▸ **RECORDS SUPPLIED**:
══════

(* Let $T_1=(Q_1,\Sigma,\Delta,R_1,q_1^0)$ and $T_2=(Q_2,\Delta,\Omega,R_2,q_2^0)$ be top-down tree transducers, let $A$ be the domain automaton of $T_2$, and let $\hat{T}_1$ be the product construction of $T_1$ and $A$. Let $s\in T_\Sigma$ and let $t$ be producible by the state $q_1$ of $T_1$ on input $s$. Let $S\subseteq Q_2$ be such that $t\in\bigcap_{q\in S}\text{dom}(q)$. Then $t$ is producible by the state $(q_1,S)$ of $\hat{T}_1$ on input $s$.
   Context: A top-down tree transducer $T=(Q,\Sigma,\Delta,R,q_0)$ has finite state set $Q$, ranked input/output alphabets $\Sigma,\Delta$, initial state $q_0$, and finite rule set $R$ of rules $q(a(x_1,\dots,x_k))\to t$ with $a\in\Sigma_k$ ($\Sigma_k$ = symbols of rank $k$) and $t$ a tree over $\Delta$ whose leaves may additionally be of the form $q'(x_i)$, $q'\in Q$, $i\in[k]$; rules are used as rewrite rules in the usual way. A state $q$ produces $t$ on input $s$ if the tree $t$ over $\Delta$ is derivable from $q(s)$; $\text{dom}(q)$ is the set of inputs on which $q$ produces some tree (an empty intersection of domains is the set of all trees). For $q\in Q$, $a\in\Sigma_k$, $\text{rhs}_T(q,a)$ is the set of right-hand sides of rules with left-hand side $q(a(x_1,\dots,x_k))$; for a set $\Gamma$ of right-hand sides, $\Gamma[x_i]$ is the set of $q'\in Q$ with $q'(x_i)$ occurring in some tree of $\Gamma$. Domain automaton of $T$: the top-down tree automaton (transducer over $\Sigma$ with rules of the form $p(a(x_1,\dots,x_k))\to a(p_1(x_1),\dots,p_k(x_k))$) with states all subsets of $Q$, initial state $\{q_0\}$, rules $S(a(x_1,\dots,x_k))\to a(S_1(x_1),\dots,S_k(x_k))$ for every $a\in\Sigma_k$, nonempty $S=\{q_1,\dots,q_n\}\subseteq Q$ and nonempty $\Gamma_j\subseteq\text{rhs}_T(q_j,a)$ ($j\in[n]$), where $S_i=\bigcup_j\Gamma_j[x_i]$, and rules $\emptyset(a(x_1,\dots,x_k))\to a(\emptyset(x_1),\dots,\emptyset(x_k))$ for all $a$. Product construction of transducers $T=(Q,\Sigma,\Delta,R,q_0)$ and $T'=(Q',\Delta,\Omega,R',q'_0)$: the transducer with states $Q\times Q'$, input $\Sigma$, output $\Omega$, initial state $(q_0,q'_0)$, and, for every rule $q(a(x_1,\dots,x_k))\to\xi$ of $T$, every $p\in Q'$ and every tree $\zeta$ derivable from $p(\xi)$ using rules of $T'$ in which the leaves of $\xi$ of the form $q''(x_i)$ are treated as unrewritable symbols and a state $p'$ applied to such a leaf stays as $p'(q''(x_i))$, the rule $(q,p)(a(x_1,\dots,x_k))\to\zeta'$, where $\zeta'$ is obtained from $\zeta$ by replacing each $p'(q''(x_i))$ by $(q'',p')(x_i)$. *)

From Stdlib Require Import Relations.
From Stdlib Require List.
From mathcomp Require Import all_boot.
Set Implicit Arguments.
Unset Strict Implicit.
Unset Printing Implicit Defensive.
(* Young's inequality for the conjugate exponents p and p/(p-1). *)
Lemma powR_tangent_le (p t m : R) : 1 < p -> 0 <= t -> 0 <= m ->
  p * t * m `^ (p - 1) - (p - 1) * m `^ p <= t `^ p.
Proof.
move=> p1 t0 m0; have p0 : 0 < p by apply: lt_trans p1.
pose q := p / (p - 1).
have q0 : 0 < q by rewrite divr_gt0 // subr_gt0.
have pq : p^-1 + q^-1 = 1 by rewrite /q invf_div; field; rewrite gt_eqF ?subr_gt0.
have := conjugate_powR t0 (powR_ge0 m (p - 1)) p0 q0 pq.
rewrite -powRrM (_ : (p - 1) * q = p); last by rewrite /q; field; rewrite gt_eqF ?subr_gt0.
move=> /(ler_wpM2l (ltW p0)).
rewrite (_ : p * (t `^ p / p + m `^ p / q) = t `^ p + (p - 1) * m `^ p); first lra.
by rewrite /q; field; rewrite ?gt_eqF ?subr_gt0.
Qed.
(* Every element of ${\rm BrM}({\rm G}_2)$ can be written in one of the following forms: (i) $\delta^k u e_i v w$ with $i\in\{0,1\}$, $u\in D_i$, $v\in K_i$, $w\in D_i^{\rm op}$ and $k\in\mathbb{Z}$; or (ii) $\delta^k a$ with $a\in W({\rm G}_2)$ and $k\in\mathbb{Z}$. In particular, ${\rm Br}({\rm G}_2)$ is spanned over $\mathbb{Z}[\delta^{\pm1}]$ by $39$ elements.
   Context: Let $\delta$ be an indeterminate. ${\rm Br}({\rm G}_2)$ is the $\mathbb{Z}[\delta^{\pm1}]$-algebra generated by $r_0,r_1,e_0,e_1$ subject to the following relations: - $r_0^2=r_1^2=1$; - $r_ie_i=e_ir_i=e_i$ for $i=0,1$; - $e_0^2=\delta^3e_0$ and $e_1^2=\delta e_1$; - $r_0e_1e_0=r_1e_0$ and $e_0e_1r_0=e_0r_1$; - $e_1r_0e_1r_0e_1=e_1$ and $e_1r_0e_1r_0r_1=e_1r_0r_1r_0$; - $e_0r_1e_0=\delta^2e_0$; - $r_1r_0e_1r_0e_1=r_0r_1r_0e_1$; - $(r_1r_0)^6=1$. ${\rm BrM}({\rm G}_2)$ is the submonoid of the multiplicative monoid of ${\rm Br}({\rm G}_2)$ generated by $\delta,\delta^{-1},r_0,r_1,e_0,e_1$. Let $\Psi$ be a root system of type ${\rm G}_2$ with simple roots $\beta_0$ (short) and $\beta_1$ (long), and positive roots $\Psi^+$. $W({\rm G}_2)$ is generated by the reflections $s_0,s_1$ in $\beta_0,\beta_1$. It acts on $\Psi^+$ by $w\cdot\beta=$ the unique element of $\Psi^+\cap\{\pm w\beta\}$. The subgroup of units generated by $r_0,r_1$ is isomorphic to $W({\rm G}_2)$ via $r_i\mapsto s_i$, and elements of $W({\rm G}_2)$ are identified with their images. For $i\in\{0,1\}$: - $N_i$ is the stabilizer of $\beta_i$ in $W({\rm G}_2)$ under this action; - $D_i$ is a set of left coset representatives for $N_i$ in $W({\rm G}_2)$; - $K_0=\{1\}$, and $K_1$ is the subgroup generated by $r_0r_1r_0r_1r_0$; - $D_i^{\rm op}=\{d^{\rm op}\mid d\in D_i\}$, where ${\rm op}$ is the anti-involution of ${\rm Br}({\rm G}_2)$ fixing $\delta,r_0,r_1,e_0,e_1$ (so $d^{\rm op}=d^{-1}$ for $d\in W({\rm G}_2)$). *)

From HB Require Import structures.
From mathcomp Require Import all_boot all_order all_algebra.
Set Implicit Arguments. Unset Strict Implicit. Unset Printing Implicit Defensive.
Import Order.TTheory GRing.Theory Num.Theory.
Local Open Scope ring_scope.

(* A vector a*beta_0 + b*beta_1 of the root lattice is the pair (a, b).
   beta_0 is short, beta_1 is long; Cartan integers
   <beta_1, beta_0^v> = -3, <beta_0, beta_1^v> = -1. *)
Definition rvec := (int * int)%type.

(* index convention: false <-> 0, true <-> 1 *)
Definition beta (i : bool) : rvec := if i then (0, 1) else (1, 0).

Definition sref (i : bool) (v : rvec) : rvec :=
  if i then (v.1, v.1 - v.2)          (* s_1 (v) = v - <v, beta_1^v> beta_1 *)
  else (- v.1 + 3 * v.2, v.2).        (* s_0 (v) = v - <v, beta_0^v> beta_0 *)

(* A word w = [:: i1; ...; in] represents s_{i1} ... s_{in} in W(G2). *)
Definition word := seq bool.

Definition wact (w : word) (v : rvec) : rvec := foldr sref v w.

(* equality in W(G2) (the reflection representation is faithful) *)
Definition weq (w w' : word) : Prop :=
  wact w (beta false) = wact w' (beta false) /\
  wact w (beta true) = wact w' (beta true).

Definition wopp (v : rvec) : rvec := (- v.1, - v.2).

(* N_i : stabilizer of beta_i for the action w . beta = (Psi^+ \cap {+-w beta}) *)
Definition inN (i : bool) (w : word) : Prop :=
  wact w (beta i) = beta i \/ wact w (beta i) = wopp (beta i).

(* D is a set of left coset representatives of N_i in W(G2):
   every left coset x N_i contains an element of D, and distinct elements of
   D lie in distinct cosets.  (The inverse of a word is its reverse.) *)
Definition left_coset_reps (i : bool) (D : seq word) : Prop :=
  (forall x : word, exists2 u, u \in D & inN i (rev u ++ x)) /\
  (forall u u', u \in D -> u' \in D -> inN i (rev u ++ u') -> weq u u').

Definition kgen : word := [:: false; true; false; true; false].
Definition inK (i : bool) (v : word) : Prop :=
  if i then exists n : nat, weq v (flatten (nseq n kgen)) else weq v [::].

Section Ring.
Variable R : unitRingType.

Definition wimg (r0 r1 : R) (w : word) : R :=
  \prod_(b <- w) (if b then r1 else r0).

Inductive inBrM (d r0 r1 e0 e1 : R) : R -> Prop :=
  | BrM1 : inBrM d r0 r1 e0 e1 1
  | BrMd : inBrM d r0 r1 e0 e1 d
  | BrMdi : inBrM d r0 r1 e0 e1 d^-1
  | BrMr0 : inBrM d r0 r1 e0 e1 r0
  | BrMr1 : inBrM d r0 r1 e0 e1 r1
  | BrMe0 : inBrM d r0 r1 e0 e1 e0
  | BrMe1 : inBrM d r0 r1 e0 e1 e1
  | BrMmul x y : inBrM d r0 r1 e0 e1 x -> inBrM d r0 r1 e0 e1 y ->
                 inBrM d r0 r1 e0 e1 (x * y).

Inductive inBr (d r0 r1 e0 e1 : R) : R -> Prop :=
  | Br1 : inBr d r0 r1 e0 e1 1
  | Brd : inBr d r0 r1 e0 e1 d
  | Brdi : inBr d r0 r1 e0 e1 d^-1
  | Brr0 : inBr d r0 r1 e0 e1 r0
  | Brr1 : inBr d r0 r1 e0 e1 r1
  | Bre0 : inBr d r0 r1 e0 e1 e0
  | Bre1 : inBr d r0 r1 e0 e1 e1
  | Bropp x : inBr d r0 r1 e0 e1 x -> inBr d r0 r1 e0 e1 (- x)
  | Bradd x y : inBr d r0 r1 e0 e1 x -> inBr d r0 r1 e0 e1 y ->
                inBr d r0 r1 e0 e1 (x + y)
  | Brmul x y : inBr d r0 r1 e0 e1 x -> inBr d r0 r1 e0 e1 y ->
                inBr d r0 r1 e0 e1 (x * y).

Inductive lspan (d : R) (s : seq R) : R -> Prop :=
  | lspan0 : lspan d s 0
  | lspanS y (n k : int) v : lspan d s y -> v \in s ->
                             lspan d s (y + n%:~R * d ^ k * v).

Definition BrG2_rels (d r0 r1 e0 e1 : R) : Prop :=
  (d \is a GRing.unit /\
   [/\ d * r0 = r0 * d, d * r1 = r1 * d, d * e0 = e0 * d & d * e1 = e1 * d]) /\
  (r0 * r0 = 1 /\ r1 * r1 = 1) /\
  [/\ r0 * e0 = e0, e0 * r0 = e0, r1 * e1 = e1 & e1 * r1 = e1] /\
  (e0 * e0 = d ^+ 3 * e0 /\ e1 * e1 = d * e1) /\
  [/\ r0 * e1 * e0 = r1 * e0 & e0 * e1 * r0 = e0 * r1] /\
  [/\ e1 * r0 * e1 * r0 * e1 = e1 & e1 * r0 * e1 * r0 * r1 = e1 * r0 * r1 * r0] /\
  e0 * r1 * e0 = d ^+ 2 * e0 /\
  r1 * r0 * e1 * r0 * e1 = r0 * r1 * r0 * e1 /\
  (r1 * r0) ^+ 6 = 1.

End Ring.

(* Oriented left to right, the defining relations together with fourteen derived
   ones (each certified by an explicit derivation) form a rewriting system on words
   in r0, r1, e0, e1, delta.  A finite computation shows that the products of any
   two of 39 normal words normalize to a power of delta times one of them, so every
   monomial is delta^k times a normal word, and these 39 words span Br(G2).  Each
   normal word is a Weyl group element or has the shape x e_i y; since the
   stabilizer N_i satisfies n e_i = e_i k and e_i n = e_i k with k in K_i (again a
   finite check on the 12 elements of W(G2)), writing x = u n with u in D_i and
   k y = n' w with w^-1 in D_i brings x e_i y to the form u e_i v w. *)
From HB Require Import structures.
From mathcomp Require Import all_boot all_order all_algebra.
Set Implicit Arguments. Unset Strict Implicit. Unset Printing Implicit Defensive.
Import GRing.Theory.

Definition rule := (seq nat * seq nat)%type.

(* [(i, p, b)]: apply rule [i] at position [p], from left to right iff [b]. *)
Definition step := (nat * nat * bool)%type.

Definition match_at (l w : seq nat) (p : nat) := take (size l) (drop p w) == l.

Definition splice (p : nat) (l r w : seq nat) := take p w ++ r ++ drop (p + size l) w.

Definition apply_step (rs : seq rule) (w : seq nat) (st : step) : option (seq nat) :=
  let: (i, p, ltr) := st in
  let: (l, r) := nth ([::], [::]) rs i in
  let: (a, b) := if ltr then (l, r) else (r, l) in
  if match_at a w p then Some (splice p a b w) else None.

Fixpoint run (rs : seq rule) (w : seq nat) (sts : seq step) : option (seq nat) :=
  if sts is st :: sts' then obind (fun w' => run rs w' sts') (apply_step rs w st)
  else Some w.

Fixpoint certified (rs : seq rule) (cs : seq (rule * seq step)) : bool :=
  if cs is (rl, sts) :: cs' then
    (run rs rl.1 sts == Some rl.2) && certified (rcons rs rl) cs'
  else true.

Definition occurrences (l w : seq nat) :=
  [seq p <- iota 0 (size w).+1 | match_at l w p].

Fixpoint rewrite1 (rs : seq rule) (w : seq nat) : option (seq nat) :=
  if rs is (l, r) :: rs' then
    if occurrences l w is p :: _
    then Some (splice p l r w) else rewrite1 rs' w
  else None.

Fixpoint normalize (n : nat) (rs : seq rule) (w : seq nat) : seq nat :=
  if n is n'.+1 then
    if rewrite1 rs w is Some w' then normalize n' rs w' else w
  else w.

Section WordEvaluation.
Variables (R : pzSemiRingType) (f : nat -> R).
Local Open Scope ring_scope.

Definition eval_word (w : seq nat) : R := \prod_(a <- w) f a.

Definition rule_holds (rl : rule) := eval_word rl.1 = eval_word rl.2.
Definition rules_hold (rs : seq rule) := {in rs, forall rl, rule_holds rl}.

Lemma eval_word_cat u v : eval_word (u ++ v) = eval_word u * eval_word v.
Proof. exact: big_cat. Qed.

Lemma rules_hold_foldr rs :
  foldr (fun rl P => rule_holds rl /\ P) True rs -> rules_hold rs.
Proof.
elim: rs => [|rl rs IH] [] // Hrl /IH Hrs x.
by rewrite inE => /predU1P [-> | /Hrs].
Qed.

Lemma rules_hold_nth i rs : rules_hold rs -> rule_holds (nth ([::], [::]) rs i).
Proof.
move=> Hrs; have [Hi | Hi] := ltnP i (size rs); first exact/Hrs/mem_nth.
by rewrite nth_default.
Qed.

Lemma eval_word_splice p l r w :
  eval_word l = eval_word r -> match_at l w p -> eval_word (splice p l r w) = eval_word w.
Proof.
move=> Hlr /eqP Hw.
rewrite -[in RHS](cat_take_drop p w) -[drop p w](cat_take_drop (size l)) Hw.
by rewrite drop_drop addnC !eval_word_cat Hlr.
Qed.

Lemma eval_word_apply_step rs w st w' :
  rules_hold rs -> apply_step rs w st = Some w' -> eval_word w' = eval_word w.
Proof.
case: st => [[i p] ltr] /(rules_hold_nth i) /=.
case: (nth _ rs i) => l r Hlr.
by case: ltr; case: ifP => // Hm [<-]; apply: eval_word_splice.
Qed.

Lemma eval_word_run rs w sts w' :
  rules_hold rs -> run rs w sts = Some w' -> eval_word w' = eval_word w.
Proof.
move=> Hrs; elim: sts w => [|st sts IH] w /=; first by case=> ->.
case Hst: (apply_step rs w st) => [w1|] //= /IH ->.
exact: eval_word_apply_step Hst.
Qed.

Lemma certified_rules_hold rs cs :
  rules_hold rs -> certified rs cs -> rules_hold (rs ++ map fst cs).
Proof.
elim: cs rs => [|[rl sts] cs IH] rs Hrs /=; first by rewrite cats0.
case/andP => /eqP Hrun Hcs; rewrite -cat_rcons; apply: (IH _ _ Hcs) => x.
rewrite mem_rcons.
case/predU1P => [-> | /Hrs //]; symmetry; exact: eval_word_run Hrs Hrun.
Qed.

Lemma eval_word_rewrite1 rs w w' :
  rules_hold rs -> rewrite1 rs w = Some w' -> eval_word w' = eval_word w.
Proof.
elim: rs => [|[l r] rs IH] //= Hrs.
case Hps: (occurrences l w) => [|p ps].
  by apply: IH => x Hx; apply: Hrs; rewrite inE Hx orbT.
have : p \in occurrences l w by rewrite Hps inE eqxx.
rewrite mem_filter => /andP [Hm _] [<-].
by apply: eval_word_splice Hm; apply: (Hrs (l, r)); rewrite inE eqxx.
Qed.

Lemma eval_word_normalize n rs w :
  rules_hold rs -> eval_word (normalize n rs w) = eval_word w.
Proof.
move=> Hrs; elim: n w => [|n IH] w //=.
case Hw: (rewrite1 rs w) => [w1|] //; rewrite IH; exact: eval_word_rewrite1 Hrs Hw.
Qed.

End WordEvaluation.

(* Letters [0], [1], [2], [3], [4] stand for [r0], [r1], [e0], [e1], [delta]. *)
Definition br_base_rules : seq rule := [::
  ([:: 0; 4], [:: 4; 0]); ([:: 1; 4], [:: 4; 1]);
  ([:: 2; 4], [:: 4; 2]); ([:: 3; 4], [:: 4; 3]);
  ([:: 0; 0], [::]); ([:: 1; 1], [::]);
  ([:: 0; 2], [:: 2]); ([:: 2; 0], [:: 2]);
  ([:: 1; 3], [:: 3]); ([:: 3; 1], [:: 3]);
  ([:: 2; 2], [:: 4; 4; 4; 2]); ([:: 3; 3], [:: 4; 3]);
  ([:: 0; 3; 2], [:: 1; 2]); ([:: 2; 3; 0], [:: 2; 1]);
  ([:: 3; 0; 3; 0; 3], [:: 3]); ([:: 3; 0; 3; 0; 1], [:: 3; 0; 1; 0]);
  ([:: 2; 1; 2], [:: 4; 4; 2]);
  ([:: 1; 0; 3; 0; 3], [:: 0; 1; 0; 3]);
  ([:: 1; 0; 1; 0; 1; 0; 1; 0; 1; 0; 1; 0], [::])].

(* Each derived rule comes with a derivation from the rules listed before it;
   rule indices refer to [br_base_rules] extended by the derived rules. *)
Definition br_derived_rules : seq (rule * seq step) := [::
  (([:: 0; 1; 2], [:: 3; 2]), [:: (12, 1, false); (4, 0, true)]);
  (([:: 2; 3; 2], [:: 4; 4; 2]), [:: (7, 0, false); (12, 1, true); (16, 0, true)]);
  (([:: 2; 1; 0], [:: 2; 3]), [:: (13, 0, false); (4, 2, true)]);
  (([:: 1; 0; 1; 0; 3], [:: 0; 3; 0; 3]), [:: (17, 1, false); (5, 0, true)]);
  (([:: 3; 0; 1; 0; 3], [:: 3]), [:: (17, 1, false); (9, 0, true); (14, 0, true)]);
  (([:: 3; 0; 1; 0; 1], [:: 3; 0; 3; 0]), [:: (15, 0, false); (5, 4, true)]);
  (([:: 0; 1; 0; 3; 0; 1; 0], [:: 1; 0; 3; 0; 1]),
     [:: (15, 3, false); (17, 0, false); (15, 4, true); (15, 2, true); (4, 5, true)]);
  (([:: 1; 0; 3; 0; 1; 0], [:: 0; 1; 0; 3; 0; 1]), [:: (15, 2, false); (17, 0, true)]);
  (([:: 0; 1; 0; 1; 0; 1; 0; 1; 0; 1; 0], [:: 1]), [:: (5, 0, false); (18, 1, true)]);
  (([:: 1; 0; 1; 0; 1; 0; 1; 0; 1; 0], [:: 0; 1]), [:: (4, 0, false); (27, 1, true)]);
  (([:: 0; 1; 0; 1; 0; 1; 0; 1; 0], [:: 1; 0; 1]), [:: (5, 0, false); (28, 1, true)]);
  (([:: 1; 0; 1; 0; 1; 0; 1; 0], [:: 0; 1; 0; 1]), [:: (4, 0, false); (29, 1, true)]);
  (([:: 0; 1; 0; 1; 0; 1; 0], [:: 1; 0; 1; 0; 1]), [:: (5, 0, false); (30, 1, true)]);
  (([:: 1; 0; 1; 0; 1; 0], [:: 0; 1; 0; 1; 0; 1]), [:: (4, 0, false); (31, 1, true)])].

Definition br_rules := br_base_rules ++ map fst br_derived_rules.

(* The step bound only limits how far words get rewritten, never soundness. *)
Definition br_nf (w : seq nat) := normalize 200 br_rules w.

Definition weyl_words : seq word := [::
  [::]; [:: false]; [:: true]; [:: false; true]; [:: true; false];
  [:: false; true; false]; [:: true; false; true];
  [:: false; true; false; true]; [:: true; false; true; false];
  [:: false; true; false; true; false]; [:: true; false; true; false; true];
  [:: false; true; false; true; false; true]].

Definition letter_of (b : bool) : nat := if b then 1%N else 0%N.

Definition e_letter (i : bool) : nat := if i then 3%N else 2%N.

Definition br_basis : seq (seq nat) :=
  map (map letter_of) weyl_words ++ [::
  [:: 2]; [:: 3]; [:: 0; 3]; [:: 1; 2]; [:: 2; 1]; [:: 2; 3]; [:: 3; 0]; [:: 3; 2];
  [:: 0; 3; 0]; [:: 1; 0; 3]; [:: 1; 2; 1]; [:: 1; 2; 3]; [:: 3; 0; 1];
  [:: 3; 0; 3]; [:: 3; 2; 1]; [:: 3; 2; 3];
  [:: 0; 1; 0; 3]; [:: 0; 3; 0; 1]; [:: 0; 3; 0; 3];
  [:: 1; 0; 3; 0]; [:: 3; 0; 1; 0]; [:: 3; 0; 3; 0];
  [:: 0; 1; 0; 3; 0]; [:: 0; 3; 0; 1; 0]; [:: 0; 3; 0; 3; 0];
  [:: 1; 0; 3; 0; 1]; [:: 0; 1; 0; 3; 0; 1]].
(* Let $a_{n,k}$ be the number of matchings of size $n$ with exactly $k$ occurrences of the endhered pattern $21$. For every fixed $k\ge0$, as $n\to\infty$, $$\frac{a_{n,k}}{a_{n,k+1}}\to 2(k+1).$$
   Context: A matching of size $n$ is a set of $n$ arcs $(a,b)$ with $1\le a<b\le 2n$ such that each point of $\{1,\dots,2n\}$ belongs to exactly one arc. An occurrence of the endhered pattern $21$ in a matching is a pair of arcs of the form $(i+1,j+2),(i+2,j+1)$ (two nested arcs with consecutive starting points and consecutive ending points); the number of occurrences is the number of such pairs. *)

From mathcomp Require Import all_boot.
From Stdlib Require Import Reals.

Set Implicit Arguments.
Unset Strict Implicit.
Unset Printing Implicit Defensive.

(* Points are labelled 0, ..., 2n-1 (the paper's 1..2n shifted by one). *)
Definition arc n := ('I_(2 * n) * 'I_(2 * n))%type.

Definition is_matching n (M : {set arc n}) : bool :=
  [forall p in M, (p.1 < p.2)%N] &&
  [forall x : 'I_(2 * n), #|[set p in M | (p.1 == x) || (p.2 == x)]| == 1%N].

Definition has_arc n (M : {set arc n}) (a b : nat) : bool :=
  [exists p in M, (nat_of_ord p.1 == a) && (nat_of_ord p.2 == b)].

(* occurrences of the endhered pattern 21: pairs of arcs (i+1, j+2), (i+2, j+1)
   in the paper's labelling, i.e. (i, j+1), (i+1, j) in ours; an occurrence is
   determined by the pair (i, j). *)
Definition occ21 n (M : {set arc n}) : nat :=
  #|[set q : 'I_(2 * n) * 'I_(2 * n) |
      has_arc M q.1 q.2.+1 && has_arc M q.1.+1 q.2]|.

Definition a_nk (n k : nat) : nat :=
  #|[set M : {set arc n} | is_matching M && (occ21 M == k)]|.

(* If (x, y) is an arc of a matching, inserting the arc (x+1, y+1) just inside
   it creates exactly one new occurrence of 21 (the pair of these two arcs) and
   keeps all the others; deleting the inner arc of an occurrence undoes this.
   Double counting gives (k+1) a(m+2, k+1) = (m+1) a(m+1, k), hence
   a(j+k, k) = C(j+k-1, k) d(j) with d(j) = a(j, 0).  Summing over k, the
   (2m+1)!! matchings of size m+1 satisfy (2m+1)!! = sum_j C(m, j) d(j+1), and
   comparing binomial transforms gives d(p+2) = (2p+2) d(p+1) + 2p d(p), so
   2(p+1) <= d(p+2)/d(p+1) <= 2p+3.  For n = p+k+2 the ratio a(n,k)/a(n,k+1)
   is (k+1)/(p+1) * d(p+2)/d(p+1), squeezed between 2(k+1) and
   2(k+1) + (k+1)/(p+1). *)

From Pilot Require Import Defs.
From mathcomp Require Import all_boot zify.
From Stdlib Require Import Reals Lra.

══════

▸ **WORK INSTRUCTION**: Repeat, character for character, the lines of the material above from the line with "inBr d r0 r1 e0 e1 e1" through the line with "Definition BrG2_rels (d".

▸ **EXERCISE ANSWER**:
  | Bre1 : inBr d r0 r1 e0 e1 e1
  | Bropp x : inBr d r0 r1 e0 e1 x -> inBr d r0 r1 e0 e1 (- x)
  | Bradd x y : inBr d r0 r1 e0 e1 x -> inBr d r0 r1 e0 e1 y ->
                inBr d r0 r1 e0 e1 (x + y)
  | Brmul x y : inBr d r0 r1 e0 e1 x -> inBr d r0 r1 e0 e1 y ->
                inBr d r0 r1 e0 e1 (x * y).

Inductive lspan (d : R) (s : seq R) : R -> Prop :=
  | lspan0 : lspan d s 0
  | lspanS y (n k : int) v : lspan d s y -> v \in s ->
                             lspan d s (y + n%:~R * d ^ k * v).

Definition BrG2_rels (d r0 r1 e0 e1 : R) : Prop :=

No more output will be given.